Blake calls the experience of good, beauty. So Blake does not need any abstract aesthetic theory to describe beauty. Beauty, which is good, is pursued by imagination, “the Real Man,” and not by any part of the personality. The result of this pursuit is art, and ultimately civilization.
The development of science and morality is driven by an impersonalizing tendency. And yet science and morality are imaginative creations. This is only possible because there is a civilization, built up by the pursuit of beauty, which gives meaning and value to impersonalizing tendencies.
8. The fourfold God
Like human beings in their highest state, God, for Blake, is fourfold: “power, love, and wisdom contained within the unity of civilized imagination.” And this God is a human God, Jesus, in whose “risen body we find our being after we have outgrown” a childish dependence on a paternal God. In other words, “the final revelation of Christianity is, therefore, not that Jesus is God, but that God is Jesus,” that God is a human being with a human body and a human imagination. This being, body, and imagination are all aggregates of individual human beings, bodies, and imaginations.

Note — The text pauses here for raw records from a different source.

(* Assume Conditions A, B, C with $k_1=0$ (so $H(q,X)=H(X)$), let $0<T<\infty$, let $\chi:(0,T)\to\mathbb{R}$ be bounded continuous with $\alpha=\sup_{(0,T)}|\chi|$, and let $Z$ be a non-increasing continuous function from (a set containing) $[0,\infty)$ to $[0,\infty)$. Set $M=\max(\Lambda^{\sup},1)$ and $\bar E=2(1+T)M$. Fix $z\in\mathbb{R}^n$, $r=|x-z|$. Then for every $b>0$ the function $w(x,t)=\alpha t+b(1+t)e^{r^2/\bar E}$ is a (classical, hence viscosity) super-solution of $H(D^2w+Z(w)Dw\otimes Dw)+\chi(t)-w_t\le0$ in $\mathbb{R}^n\times(0,T)$.
   Context: $S^{n\times n}$ denotes the real symmetric matrices with the usual order, $I$ the identity, $O$ the zero matrix, $(e\otimes e)_{ij}=e_ie_j$, $(p\otimes q)_{ij}=p_iq_j$. $H:\mathbb{R}^n\times S^{n\times n}\to\mathbb{R}$ is continuous and satisfies: Condition A: $H(q,X)\le H(q,Y)$ when $X\le Y$ and $H(q,O)=0$. Condition B: there is $k_1\ge0$ with $H(\theta q,X)=|\theta|^{k_1}H(q,X)$ for all $\theta\in\mathbb{R}$ and $H(q,\theta X)=\theta H(q,X)$ for $\theta>0$. Condition C: $\max_{|e|=1}H(e,-I)<0<\min_{|e|=1}H(e,I)$ and $\Lambda^{\sup}:=\sup_{\lambda\in\mathbb{R}}\max_{|e|=1}H(e,\lambda e\otimes e+I)<\infty$. *)

From mathcomp Require Import ssreflect ssrfun ssrbool eqtype ssrnat seq fintype bigop.
From Stdlib Require Import Reals.
Set Implicit Arguments. Unset Strict Implicit.
Open Scope R_scope.

Definition vec (n : nat) := 'I_n -> R.
Definition mat (n : nat) := 'I_n -> 'I_n -> R.

Definition rsum (n : nat) (f : 'I_n -> R) : R := \big[Rplus/0]_(i < n) f i.

Definition sym (n : nat) (X : mat n) : Prop := forall i j, X i j = X j i.
Definition mat_le (n : nat) (X Y : mat n) : Prop :=
  forall xi : vec n, 0 <= rsum (fun i => rsum (fun j => xi i * (Y i j - X i j) * xi j)).
Definition idm (n : nat) : mat n := fun i j => if i == j then 1 else 0.
Definition zerom (n : nat) : mat n := fun _ _ => 0.
Definition outer (n : nat) (p q : vec n) : mat n := fun i j => p i * q j.
Definition madd (n : nat) (X Y : mat n) : mat n := fun i j => X i j + Y i j.
Definition mscale (n : nat) (a : R) (X : mat n) : mat n := fun i j => a * X i j.
Definition mopp (n : nat) (X : mat n) : mat n := fun i j => - X i j.
Definition vscale (n : nat) (a : R) (q : vec n) : vec n := fun i => a * q i.
Definition vnorm (n : nat) (e : vec n) : R := sqrt (rsum (fun i => e i ^ 2)).
Definition dist2 (n : nat) (x z : vec n) : R := rsum (fun i => (x i - z i) ^ 2).

Definition H_continuous (n : nat) (H : vec n -> mat n -> R) : Prop :=
  forall q X, sym X -> forall eps, 0 < eps -> exists delta, 0 < delta /\
    forall q' X', sym X' -> (forall i, Rabs (q' i - q i) < delta) ->
      (forall i j, Rabs (X' i j - X i j) < delta) -> Rabs (H q' X' - H q X) < eps.

Definition condA (n : nat) (H : vec n -> mat n -> R) : Prop :=
  (forall q X Y, sym X -> sym Y -> mat_le X Y -> H q X <= H q Y) /\
  (forall q, H q (@zerom n) = 0).

(* Condition B with k1 = 0 (|theta|^0 = 1 for every real theta) *)
Definition condB0 (n : nat) (H : vec n -> mat n -> R) : Prop :=
  (forall theta q X, sym X -> H (vscale theta q) X = H q X) /\
  (forall theta q X, sym X -> 0 < theta -> H q (mscale theta X) = theta * H q X).

Definition is_max (S : R -> Prop) (m : R) : Prop := S m /\ forall y, S y -> y <= m.
Definition is_min (S : R -> Prop) (m : R) : Prop := S m /\ forall y, S y -> m <= y.

Definition unit_vals (n : nat) (H : vec n -> mat n -> R) (F : vec n -> mat n) : R -> Prop :=
  fun y => exists e : vec n, vnorm e = 1 /\ y = H e (F e).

There is a Creator and a Creation, and though religion will always try to give sanction to the fallen Creation, we will ultimately have to choose between them, and that choice between the Creator and the Creation is a choice between God and the devil. Choosing the Creator means choosing the “more abundant life in the larger human mind and body of God,” while choosing the Creature means “acceptance of the minimum life of nature and reason.”
This “cult of reason and nature” has always existed, but not until Blake’s time had it crystallized “into a dogmatic system with all loopholes for the imagination sealed off.” Frye here is referring to Deism, and suggests that Blake hated it not only for what it was, but what it would naturally become, which Blake calls Druidism, and which Frye hints is the Nazism and Fascism of his own time.
Fearful Symmetry was the very last of Frye’s major works that I read, and by the time I had first read it, I had re-read just about everything a few times over. I don’t know why I put off reading it for so long. I rationalized it as a youthful work (even though it was clearly not that), a mere precursor to Anatomy where the “real work” begins, and a study narrowly focused on a still somewhat obscure poet — an esoteric work, in effect. So, predictably enough, when I finally came to read it, it blew open all the doors and sent my carefully arranged mental furniture flying. It’s a book that still haunts and intimidates me, and I am generally very comfortable with Frye. Fearful Symmetry possesses all of Frye’s runic power to summon up the fearsome but benign power of the Magus/prophet: not, as he says elsewhere, the oppressive mystery that conceals, but the liberating mystery that reveals.
I am therefore very grateful that Clayton Chrusch has undertaken to provide us with a weekly summary, chapter by chapter. By the time I reach the end of each installment, I’m a little breathless with excitement. Such is the power of the book that Clayton’s lucid exposition effortlessly taps into it. I look forward to his next.
How is this the summary of chapter two? you only address his references to god, and not everything else he has to say.
Hi Jason. What do you think deserved more emphasis in my summary?